There is no bandage large enough to stop Google (NASDAQ:GOOGL) from bleeding through its Motorola subsidiary. The controversial acquisition hasn't exactly yielded the benefits that Google was seeking when it bought the struggling handset maker for its intellectual-property portfolio, and Moto continues to generate substantial operating losses.
The search giant reported earnings on Thursday, and Motorola's performance is getting worse before it gets better. The smartphone vendor generated $998 million in revenue during the second quarter, which was up from the $843 million in sales from a year prior (excluding the home segment that has since been sold off).
That all translated into an operating loss of $342 million for the hardware operations, or a negative-34% operating margin. Google closed the acquisition in Q2 2012, and Motorola's cumulative operating losses since then now stand at $1.73 billion.
Earlier this month, there were reports that Google was potentially committing another $500 million in marketing for Motorola's upcoming products. In light of Motorola's continued operating losses, investors now get an idea of how immense that budget would be. The Moto X is set to launch soon, and the company has begun rolling out an aggressive ad campaign focusing on its being made in the United States.
On the conference call, CEO Larry Page declined to address that rumor specifically, but reiterated that Google continues to operate Motorola independently as to not alienate other Android OEMs, and that Google runs Motorola like it would run any business.

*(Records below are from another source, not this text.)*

Definition wA : Zt3 := (1, tau', tau).
Definition wB : Zt3 := (1, tau, tau').
Definition DsA : seq Zt3 := [:: 0; (0, - tau', 0); (0, 0, - tau); (0, - tau', - tau)].
Definition DsB : seq Zt3 := [:: 0; (0, - tau, 0); (0, 0, - tau'); (0, - tau, - tau')].

Definition classA : seq F43 :=
  [:: (f4_one, f4_tau', f4_tau); (f4_tau', f4_tau, f4_one); (f4_tau, f4_one, f4_tau')].
Definition classB : seq F43 :=
  [:: (f4_one, f4_tau, f4_tau'); (f4_tau, f4_tau', f4_one); (f4_tau', f4_one, f4_tau)].

Lemma liftsA_norm w : w \in lifts wA DsA -> dot3 w w = 4.
Proof.
have /allP norms : all (fun w => dot3 w w == 4) (lifts wA DsA) by [].
by move/norms/eqP.
Qed.
Lemma liftsB_norm w : w \in lifts wB DsB -> dot3 w w = 4.
Proof.
have /allP norms : all (fun w => dot3 w w == 4) (lifts wB DsB) by [].
by move/norms/eqP.
Qed.

Lemma DsA_onto t : exists2 d, d \in DsA & dot3 (mod2v wA) (mod2v d) = t.
Proof.
have /hasP[d dD /eqP] : has (fun d => dot3 (mod2v wA) (mod2v d) == t) DsA.
  by case: t => [[] []].
by exists d.
Qed.
Lemma DsB_onto t : exists2 d, d \in DsB & dot3 (mod2v wB) (mod2v d) = t.
Proof.
have /hasP[d dD /eqP] : has (fun d => dot3 (mod2v wB) (mod2v d) == t) DsB.
  by case: t => [[] []].
by exists d.
Qed.

Lemma DsA_inj : {in DsA &, injective (fun d => dot3 (mod2v wA) (mod2v d))}.
Proof. by move=> d d'; rewrite !inE => /or4P[] /eqP-> /or4P[] /eqP->. Qed.
Lemma DsB_inj : {in DsB &, injective (fun d => dot3 (mod2v wB) (mod2v d))}.
Proof. by move=> d d'; rewrite !inE => /or4P[] /eqP-> /or4P[] /eqP->. Qed.

Lemma mem_classA v : v \in classA <-> exists2 l, l != 0 & v = scale3 l (mod2v wA).
Proof.
split=> [|[l l0 ->]]; last by case: l l0 => [[] []].
by rewrite !inE => /or3P[] /eqP->; [exists f4_one | exists f4_tau' | exists f4_tau].
Qed.
Lemma mem_classB v : v \in classB <-> exists2 l, l != 0 & v = scale3 l (mod2v wB).
Proof.
split=> [|[l l0 ->]]; last by case: l l0 => [[] []].
by rewrite !inE => /or3P[] /eqP->; [exists f4_one | exists f4_tau | exists f4_tau'].
Qed.
Lemma cap_right_point : exists2 y, K y &
  forall t, 0 <= t <= pi / 2 -> pK K t - 1 <= dotp y (u_ t).
Proof.
have [y Ky y_max] := support_attained 0; exists y => // t /andP[t0 t1].
have pi0 := pi_gt0 R; have [z Kz <-] := support_attained t.
have := support_ub 0 Kz; rewrite -y_max !dotp_uE cos0 sin0 => zy.
have c0 : 0 <= cos t by apply: cos_ge0_pihalf; apply/andP; split; lra.
have s0 : 0 <= sin t by apply: sin_ge0_pi; apply/andP; split; lra.
have s1 := sin_le1 t.
have /andP[z0 z1] := cap_ybounds Kz; have /andP[y0 y1] := cap_ybounds Ky.
have : cos t * (z.1 - y.1) <= 0 by rewrite mulr_ge0_le0 //; lra.
have : sin t * (z.2 - y.2) <= 1 by nra.
lra.
Qed.

Lemma cap_left_point : exists2 y, K y &
  forall t, 0 <= t <= w -> pK K (t + pi / 2) - 1 <= dotp y (v_ t).
Proof.
have [y Ky] := support_attained (w + pi / 2); rewrite dotp_uDpihalf => yw.
exists y => // t /andP[t0 t1].
have pi0 := pi_gt0 R; case/andP: hw => w0 wp.
have [z Kz] := support_attained (t + pi / 2); rewrite dotp_uDpihalf => <-.
have := support_ub (w + pi / 2) Kz; rewrite -yw dotp_uDpihalf => zy.
have rotate p : dotp p (v_ t) =
    cos (w - t) * dotp p (v_ w) + sin (w - t) * dotp p (u_ w).
  rewrite !dotp_uE !dotp_vE cosB sinB.
  by rewrite -[LHS]mulr1 -(cos2Dsin2 w); ring.
have c0 : 0 <= cos (w - t) by apply: cos_ge0_pihalf; apply/andP; split; lra.
have s0 : 0 <= sin (w - t) by apply: sin_ge0_pi; apply/andP; split; lra.
have s1 := sin_le1 (w - t).
have /andP[z0 z1] := cap_uw_bounds Kz; have /andP[y0 y1] := cap_uw_bounds Ky.
have : cos (w - t) * (dotp z (v_ w) - dotp y (v_ w)) <= 0.
  by rewrite mulr_ge0_le0 //; lra.
have : sin (w - t) * (dotp z (u_ w) - dotp y (u_ w)) <= 1 by nra.
rewrite !rotate; lra.
Qed.

Lemma niche_shift s p : 0 <= s <= w + pi / 2 -> niche w K p ->
  exists2 e, 0 < e & niche w K (shiftp p (u_ s) e).
Proof.
move=> /andP[s0 s1] [/fanP[p2 pw] [t /= ht [pu pv]]].
have pi0 := pi_gt0 R; case/andP: hw => w0 wp.
move: (ht); rewrite in_itv /= => /andP[t0 t1].
have [e e0 [e1 e2]] : exists2 e, 0 < e &
    e < pK K t - 1 - dotp p (u_ t) /\ e < pK K (t + pi / 2) - 1 - dotp p (v_ t).
  by apply: exists_pos_lt2; rewrite subr_gt0.
exists e => //; split.
  apply/fanP; rewrite dotp_shiftp dotp_u_u /=.
  split; apply: addr_ge0 => //; apply: mulr_ge0 (ltW e0) _.
    by apply: sin_ge0_pi; apply/andP; split; lra.
  by apply: cos_ge0_pihalf; apply/andP; split; lra.
exists t => //; rewrite /QKminus /= !dotp_shiftp dotp_u_u dotp_u_v.
have := ler_piMr (ltW e0) (cos_le1 (s - t)); have := ler_piMr (ltW e0) (sin_le1 (s - t)).
by split; lra.
Qed.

At this rate, Motorola is on track to keep losing over $1 billion annually. That's a little better than Microsoft, which just ate $900 million last quarter alone over Surface inventory charges (more than half of Google's cumulative Motorola losses), but that's still quite a sum for the questionable acquisition.
Can the Moto X turn things around? Not unless Google can cut Moto's operating expenses significantly first.